I have this data frame:
df=data.frame(id=c(1,1,2,2,2,5,NA),var=c("a","a","b","b","b","e","f"),value=c(1,1,0,1,0,0,1),cs=c(2,2,3,3,3,3,NA))
I want to calculate the sum of value for each group (id, var) and then the cumulative sum but I would like to have the cumulative sum to be displayed for each row of data, i.e., I don't want to summarized view of the data. I have included what my output should look like.

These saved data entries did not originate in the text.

Theorem lemma2 (R : realFieldType) (V : finType) (adj : rel V)
  (w : garc adj -> R) (r : V -> R)
  (hw : forall e, 0 <= w e <= 1) (hr : forall u, 0 <= r u)
  (D : nat) (v : V) (y z : seq V) (Mty Mtz : pmatrix adj)
  (hD : (size z < D)%N)
  (hy : 0 < prob w D y Mty) (hz : 0 < prob w D z Mtz)
  (hsub : subhistory y Mty z Mtz) :
  Delta w r D v z Mtz <= Delta w r D v y Mty.
Proof.
case: hsub hD hy hz => /prefixP[t ->] [M0 [<- <-]] hD hy hz.
rewrite !Delta_mean ?lt0r_neq0 //.
have swap_inj := inv_inj (swapK (counts_cat_ltD M0 hD) (counts_ltD M0 hD)).
apply: (mean_le_coupling swap_inj); [exact: hz | exact: hy |].
exact: swap_term_le.
Qed.
(* There exist constants $c_1,c_2>0$ such that for all $n\ge1$, $c_1(3/4)^n\le 1-\mathcal{C}^*(n)\le c_2(3/4)^n$; that is, $1-\mathcal{C}^*(n)=\Theta\big((3/4)^n\big)$.
   Context: The concentratable entanglement of an $n$-qubit pure state is $\mathcal{C}(\ket{\psi})=1-\frac{1}{2^{n}}\sum_{\alpha\subseteq [n]}\mathrm{Tr}[\rho_\alpha^2]$ ($\rho_\alpha$ the reduced state on $\alpha$, $\mathrm{Tr}[\rho_\emptyset^2]=1$), and $\mathcal{C}^*(n)=\max_{\ket{\psi}}\mathcal{C}(\ket{\psi})$ over $n$-qubit pure states. *)

From HB Require Import structures.
From mathcomp Require Import all_boot all_order all_algebra.
From mathcomp Require Import complex.
From mathcomp Require Import classical_sets reals.
Set Implicit Arguments. Unset Strict Implicit. Unset Printing Implicit Defensive.
Import Order.TTheory GRing.Theory Num.Theory.
Local Open Scope ring_scope.
Local Open Scope classical_set_scope.

Section QState.
Variable R : realType.
Variable n : nat.

(* computational basis labels of n qubits *)
Definition bits := {ffun 'I_n -> bool}.

(* an n-qubit (unnormalized) pure state vector in C^(2^n) *)
Definition qstate := {ffun bits -> R[i]}.

Definition normalized (psi : qstate) : Prop :=
  \sum_(x : bits) psi x * conjc (psi x) = 1.

(* basis labels of the subsystem alpha: labels that are 0 outside alpha *)
Definition on_sub (alpha : {set 'I_n}) (x : bits) : bool :=
  [forall i, (i \notin alpha) ==> ~~ x i].

Definition merge (alpha : {set 'I_n}) (x y : bits) : bits :=
  [ffun i => if i \in alpha then x i else y i].

(* matrix entries <x|rho_alpha|x'> of the reduced state on alpha
   (partial trace over the complement of alpha) *)
Definition rho (alpha : {set 'I_n}) (psi : qstate) (x x' : bits) : R[i] :=
  \sum_(y : bits | on_sub (~: alpha) y)
     psi (merge alpha x y) * conjc (psi (merge alpha x' y)).

Definition purity (alpha : {set 'I_n}) (psi : qstate) : R[i] :=
  \sum_(x : bits | on_sub alpha x) \sum_(x' : bits | on_sub alpha x')
     rho alpha psi x x' * rho alpha psi x' x.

This is what I have tried so far:
df%>%arrange(id,var)%>%group_by(id,var)%>%mutate(cs=cumsum(value))
Any suggestions?
Here is an approach that I think meets your expectations.
Would group by id
and calculate the sum of value
for each id
via summarise
.
You can then add your cumulative sum column with mutate
. Based on your comments, I included an ifelse
so that if id
was NA
, it would not provide a cumulative sum, but instead be given NA
.
Finally, to combine your cumulative sum data with your original dataset, you would need to join the two tables.
library(tidyverse)
df %>%
arrange(id) %>%
group_by(id) %>%
summarise(sum = sum(value)) %>%
mutate(cs=ifelse(is.na(id), NA, cumsum(sum))) %>%
left_join(df)
Output
# A tibble: 7 x 5
id sum cs var value
<dbl> <dbl> <dbl> <fct> <dbl>
1 1 2 2 a 1
2 1 2 2 a 1
3 2 1 3 b 0
4 2 1 3 b 1
5 2 1 3 b 0
6 5 0 3 e 0
7 NA 1 NA f 1